RECORDS FOR THE TASK -
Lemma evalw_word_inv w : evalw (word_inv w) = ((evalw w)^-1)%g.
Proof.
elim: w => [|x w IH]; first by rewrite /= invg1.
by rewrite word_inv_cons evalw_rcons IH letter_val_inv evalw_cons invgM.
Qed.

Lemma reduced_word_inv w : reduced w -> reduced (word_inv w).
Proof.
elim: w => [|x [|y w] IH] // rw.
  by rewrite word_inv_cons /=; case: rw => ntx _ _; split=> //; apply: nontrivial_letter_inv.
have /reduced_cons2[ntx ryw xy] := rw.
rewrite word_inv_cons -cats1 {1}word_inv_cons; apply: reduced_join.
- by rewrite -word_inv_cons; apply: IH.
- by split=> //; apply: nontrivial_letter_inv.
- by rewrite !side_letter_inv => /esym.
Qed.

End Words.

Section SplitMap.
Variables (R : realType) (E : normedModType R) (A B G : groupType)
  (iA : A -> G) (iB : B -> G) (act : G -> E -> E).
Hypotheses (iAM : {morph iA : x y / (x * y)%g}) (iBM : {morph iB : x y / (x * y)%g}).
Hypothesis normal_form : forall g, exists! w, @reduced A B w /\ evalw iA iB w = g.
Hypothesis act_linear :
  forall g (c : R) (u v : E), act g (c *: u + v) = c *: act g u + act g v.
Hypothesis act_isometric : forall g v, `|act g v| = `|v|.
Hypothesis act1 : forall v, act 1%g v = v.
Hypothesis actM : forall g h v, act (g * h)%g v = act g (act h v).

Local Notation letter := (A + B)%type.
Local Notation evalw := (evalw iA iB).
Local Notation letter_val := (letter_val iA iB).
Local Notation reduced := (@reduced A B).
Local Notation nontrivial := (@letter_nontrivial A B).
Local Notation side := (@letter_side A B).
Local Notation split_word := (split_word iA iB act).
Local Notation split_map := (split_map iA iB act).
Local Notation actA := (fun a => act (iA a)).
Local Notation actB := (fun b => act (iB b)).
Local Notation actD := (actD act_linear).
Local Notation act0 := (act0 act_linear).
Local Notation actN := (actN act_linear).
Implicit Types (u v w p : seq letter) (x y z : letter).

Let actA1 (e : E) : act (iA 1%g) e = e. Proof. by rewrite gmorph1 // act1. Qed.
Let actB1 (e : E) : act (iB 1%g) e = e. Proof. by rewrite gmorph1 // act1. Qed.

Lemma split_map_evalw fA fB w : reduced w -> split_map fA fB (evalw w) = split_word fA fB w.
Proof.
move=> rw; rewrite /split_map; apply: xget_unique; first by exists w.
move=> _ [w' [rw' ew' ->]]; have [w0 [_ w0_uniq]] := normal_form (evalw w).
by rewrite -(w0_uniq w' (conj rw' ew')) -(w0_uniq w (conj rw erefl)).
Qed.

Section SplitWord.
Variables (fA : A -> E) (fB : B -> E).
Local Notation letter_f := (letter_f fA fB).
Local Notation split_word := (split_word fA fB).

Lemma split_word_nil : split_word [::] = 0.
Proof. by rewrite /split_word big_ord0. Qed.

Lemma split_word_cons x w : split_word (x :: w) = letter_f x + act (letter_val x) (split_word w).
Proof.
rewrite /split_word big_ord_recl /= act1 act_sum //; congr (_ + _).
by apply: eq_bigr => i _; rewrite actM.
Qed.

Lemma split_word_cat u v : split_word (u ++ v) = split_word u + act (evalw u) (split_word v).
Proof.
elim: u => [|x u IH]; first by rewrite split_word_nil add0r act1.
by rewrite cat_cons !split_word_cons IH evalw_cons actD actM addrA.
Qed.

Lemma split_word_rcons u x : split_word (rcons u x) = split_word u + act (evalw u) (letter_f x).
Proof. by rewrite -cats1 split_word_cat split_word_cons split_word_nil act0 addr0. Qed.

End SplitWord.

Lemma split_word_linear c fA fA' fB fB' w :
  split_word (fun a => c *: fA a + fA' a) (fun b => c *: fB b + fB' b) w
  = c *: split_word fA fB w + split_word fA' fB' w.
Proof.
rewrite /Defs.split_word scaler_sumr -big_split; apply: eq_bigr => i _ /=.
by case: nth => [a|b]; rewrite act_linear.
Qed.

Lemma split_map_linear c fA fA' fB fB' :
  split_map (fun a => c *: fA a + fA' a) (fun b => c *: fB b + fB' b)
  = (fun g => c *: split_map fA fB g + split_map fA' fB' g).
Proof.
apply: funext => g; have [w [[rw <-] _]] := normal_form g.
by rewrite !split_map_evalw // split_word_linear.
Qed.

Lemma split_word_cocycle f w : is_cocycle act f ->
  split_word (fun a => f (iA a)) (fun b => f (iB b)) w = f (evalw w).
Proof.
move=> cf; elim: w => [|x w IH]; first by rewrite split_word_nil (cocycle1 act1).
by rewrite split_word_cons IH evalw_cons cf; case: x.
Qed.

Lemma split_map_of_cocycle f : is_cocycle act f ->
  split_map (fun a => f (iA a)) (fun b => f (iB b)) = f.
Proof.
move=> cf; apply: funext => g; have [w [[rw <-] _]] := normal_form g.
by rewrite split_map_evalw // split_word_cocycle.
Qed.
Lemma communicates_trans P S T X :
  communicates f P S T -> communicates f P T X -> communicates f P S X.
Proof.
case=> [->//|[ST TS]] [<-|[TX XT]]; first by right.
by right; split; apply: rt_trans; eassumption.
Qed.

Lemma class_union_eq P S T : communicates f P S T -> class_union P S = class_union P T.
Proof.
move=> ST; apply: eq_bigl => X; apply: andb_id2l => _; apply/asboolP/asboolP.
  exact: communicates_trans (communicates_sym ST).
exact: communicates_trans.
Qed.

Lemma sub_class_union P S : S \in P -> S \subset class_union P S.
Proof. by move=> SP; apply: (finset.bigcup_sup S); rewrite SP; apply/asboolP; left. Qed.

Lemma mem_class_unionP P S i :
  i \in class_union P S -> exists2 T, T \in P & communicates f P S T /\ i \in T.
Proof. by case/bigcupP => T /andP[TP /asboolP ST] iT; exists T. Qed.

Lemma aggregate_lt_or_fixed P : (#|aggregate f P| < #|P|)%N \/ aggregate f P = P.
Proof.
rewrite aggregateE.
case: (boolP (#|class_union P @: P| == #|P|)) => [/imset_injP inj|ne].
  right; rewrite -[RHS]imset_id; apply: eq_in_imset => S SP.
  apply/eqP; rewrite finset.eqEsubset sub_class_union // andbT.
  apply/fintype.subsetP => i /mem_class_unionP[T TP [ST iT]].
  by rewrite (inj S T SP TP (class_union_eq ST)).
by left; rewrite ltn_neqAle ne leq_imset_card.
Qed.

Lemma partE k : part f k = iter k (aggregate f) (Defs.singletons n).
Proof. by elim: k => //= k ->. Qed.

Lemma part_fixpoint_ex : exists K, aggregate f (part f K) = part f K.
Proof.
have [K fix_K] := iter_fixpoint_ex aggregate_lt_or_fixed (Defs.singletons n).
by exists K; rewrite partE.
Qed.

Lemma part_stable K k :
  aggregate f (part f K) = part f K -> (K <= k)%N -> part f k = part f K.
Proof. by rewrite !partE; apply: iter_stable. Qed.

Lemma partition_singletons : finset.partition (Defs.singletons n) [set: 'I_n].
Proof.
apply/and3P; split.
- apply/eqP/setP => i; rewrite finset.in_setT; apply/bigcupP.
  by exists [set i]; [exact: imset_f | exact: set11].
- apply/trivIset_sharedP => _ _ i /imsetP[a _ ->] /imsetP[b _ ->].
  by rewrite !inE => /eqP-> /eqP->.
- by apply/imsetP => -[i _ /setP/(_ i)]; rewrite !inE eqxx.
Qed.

PROBLEM TO WORK ON -
Within the material above, the line with "move=> ST; apply: eq_bigl" opens the range and the line with "i \in class_union" closes it; reproduce that range word for word.

RESPONSE TO THE EXERCISE -
move=> ST; apply: eq_bigl => X; apply: andb_id2l => _; apply/asboolP/asboolP.
  exact: communicates_trans (communicates_sym ST).
exact: communicates_trans.
Qed.

Lemma sub_class_union P S : S \in P -> S \subset class_union P S.
Proof. by move=> SP; apply: (finset.bigcup_sup S); rewrite SP; apply/asboolP; left. Qed.

Lemma mem_class_unionP P S i :
  i \in class_union P S -> exists2 T, T \in P & communicates f P S T /\ i \in T.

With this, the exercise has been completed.